Extract from the entries below, exactly as given, only the lines from the line containing "(powR a x)." to the line containing "Lemma cobb_douglas_gt0 u", both lines included.
··· Source records ···
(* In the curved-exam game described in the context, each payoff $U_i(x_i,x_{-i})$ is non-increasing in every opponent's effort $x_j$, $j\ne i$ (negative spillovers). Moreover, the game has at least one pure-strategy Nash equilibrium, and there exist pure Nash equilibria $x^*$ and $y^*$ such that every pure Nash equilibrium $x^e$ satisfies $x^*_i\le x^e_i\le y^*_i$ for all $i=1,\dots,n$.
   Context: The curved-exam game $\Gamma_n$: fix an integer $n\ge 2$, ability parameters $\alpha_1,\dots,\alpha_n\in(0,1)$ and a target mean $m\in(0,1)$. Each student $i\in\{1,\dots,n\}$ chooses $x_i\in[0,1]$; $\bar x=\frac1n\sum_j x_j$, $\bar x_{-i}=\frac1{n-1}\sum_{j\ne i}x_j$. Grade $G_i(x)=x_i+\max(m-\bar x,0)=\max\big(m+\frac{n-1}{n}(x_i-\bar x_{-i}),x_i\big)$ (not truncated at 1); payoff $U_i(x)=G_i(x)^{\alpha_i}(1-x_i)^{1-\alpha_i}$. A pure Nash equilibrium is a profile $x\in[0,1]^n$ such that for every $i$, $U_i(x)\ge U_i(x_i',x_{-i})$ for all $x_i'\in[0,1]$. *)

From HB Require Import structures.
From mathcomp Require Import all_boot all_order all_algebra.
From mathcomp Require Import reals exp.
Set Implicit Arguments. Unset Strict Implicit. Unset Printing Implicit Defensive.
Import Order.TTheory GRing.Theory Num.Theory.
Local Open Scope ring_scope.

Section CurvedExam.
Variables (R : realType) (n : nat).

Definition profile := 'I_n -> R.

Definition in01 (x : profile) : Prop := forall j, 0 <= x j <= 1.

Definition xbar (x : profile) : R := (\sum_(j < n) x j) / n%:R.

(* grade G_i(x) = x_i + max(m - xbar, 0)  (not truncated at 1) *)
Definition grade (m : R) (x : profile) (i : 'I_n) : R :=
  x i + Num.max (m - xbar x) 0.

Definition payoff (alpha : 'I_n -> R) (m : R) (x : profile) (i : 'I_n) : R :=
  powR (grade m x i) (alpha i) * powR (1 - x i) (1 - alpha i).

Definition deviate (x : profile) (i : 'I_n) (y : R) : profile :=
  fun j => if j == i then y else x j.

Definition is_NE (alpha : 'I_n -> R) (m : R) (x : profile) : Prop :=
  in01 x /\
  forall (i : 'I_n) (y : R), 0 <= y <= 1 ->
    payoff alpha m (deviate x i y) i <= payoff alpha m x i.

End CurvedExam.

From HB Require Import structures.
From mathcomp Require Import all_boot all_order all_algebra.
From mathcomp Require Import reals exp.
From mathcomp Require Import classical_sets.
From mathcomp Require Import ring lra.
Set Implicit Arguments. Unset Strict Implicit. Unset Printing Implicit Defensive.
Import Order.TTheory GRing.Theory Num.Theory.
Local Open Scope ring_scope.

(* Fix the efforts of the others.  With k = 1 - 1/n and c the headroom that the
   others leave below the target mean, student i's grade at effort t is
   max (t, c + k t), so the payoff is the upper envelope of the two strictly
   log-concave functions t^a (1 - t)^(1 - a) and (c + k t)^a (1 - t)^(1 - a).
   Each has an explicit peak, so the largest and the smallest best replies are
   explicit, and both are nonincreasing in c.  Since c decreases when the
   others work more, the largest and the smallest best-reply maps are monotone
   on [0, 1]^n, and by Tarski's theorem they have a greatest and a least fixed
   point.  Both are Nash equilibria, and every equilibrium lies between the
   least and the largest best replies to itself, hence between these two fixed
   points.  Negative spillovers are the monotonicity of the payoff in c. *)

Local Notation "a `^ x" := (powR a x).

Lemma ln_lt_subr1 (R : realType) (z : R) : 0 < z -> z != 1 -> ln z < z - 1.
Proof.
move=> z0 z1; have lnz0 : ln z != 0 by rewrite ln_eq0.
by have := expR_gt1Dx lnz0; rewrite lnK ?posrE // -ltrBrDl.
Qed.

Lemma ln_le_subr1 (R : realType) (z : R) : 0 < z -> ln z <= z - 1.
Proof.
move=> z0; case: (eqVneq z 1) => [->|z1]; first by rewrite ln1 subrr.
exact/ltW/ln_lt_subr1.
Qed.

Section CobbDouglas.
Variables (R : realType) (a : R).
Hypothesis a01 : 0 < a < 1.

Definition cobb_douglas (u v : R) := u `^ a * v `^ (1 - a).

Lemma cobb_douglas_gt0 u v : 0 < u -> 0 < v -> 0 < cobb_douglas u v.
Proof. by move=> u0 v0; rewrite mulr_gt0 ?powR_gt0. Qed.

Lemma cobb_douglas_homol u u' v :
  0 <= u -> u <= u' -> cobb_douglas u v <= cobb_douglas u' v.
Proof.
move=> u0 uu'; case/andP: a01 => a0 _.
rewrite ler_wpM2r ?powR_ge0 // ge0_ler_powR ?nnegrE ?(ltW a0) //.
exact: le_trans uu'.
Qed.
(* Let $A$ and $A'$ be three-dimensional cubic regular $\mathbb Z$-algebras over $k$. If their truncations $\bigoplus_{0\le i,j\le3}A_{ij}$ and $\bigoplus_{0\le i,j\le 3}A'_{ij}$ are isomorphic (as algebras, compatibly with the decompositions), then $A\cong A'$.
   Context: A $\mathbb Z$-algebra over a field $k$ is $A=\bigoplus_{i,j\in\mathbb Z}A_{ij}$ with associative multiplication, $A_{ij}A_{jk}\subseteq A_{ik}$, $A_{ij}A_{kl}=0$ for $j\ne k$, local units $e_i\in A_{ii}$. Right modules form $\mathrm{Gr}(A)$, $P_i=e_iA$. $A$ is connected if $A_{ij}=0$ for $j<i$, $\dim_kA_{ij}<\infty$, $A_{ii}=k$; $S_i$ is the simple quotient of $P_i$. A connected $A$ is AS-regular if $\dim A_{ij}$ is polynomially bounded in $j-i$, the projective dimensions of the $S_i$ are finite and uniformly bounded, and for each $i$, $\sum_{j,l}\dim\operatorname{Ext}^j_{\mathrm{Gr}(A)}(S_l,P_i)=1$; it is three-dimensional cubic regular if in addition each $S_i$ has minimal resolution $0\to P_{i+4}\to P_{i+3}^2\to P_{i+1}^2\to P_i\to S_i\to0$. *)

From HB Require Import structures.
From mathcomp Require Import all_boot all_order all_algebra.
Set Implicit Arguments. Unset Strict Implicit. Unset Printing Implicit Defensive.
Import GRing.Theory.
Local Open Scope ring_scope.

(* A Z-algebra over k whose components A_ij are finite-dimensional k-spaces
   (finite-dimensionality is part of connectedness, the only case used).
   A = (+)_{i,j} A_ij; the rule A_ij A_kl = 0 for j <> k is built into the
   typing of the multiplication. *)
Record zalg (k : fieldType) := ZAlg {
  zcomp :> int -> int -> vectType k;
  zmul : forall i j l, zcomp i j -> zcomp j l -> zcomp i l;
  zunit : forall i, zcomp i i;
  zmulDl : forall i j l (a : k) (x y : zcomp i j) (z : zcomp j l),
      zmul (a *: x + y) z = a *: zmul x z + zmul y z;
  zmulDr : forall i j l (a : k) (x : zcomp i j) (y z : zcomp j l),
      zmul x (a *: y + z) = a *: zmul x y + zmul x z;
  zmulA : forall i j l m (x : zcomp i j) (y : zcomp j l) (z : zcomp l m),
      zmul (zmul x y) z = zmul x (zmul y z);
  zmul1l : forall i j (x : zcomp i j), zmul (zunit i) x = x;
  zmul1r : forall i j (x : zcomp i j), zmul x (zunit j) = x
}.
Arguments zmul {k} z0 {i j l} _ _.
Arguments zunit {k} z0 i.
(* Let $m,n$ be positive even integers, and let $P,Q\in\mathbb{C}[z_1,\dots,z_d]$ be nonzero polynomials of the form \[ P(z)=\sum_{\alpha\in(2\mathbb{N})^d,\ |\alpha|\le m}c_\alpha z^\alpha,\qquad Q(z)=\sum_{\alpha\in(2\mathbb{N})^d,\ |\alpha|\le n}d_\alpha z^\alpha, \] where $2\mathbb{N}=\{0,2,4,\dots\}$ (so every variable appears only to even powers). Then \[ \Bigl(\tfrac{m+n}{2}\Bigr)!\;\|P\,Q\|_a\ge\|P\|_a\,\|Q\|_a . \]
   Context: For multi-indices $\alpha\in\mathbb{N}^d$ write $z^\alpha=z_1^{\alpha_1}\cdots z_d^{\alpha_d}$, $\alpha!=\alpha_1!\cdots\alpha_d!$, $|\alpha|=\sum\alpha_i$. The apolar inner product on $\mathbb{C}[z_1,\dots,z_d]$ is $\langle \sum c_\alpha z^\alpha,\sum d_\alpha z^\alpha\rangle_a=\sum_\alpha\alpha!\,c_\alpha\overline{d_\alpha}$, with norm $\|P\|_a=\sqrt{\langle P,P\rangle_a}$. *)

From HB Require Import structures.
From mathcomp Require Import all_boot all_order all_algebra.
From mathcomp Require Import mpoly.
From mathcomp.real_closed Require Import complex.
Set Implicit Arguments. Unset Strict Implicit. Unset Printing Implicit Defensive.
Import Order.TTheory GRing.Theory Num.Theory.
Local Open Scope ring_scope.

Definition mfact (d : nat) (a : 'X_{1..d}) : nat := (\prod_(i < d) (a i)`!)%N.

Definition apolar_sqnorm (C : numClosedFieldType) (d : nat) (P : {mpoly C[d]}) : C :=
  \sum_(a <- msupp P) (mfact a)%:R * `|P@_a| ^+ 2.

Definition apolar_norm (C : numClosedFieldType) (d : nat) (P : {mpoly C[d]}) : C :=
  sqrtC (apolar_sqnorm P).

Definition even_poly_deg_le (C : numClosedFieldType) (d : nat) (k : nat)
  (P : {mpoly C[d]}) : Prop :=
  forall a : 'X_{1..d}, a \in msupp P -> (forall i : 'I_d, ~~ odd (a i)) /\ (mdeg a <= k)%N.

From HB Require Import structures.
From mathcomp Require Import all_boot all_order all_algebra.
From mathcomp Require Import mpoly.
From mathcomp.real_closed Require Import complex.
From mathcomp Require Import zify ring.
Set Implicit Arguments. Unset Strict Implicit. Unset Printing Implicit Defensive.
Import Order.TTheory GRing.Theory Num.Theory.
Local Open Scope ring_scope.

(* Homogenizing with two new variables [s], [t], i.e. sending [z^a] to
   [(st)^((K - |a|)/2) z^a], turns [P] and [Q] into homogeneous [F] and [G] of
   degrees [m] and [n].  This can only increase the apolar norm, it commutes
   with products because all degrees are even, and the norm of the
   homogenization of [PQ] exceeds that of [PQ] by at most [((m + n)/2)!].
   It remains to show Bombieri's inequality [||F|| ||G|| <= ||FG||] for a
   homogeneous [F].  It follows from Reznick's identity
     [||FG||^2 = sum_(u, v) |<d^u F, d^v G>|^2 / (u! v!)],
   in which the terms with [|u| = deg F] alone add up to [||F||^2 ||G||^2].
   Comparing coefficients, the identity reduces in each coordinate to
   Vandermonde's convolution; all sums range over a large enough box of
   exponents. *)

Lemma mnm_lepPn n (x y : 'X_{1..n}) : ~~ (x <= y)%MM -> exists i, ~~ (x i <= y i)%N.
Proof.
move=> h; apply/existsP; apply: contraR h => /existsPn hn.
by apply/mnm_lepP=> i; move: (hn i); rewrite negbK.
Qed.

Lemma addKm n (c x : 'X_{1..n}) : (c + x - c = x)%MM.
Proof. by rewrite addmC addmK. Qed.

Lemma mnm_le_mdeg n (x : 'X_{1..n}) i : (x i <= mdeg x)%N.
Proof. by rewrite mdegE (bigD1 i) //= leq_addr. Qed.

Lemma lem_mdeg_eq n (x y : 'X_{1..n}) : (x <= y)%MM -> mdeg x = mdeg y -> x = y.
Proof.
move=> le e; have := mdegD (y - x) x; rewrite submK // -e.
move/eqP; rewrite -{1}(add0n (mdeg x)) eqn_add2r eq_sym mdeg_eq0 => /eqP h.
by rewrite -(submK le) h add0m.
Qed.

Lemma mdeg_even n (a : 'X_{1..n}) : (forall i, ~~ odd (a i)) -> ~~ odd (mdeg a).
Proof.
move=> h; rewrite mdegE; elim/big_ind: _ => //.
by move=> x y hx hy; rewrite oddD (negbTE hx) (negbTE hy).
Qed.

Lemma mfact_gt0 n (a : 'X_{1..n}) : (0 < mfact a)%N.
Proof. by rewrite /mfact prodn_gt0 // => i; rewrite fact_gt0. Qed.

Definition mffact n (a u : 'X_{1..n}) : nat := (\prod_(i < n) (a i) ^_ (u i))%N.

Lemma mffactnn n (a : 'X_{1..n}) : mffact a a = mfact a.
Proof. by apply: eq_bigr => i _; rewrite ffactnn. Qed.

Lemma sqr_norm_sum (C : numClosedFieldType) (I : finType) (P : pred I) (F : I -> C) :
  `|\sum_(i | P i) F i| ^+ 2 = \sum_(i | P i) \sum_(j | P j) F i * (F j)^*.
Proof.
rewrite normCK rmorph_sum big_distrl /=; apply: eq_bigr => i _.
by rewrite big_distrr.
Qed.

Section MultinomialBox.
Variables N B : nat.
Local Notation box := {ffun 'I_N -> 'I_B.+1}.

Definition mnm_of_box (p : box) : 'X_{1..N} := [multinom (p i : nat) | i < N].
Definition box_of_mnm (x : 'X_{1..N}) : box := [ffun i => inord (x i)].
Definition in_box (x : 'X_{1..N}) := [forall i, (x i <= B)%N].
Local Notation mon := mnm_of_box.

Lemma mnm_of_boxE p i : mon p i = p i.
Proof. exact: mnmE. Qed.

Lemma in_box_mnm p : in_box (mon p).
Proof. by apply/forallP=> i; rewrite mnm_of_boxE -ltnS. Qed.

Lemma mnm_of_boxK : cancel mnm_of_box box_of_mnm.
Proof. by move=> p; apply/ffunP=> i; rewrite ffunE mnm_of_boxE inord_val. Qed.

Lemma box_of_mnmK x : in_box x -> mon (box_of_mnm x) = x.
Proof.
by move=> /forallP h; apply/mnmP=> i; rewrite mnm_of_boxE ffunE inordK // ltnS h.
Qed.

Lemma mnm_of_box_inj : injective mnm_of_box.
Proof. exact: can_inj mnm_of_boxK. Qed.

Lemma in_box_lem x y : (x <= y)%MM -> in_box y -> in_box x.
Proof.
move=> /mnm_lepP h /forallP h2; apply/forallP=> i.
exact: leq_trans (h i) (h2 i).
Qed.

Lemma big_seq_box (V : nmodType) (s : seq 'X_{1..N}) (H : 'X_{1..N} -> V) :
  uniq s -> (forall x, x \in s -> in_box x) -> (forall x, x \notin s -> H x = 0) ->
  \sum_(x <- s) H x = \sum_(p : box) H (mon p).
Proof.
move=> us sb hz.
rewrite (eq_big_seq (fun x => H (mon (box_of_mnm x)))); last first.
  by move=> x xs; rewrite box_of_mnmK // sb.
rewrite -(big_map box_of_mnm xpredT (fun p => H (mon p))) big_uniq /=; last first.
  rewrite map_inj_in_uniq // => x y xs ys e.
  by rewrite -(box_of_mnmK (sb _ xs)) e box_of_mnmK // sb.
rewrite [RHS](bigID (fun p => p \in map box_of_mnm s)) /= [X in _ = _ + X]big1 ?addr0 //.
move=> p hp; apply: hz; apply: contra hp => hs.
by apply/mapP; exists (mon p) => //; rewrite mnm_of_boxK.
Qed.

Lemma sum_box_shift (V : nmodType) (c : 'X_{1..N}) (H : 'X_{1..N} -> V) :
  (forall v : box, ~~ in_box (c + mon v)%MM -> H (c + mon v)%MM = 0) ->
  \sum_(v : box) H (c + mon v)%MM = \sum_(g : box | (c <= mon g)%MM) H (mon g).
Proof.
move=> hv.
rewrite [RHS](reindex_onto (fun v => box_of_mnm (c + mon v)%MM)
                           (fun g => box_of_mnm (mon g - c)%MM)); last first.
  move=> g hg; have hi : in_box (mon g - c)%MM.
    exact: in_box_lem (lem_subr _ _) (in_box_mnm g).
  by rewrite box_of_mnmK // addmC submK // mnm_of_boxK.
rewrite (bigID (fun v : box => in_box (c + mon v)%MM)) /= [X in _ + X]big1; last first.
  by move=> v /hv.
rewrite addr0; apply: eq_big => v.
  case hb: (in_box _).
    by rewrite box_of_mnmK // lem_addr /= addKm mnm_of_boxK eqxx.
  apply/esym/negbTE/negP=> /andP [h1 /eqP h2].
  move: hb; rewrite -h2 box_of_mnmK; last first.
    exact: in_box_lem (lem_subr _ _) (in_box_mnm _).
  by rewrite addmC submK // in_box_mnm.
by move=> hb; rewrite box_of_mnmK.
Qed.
···
**Response to the exercise:**
Local Notation "a `^ x" := (powR a x).

Lemma ln_lt_subr1 (R : realType) (z : R) : 0 < z -> z != 1 -> ln z < z - 1.
Proof.
move=> z0 z1; have lnz0 : ln z != 0 by rewrite ln_eq0.
by have := expR_gt1Dx lnz0; rewrite lnK ?posrE // -ltrBrDl.
Qed.

Lemma ln_le_subr1 (R : realType) (z : R) : 0 < z -> ln z <= z - 1.
Proof.
move=> z0; case: (eqVneq z 1) => [->|z1]; first by rewrite ln1 subrr.
exact/ltW/ln_lt_subr1.
Qed.

Section CobbDouglas.
Variables (R : realType) (a : R).
Hypothesis a01 : 0 < a < 1.

Definition cobb_douglas (u v : R) := u `^ a * v `^ (1 - a).

Lemma cobb_douglas_gt0 u v : 0 < u -> 0 < v -> 0 < cobb_douglas u v.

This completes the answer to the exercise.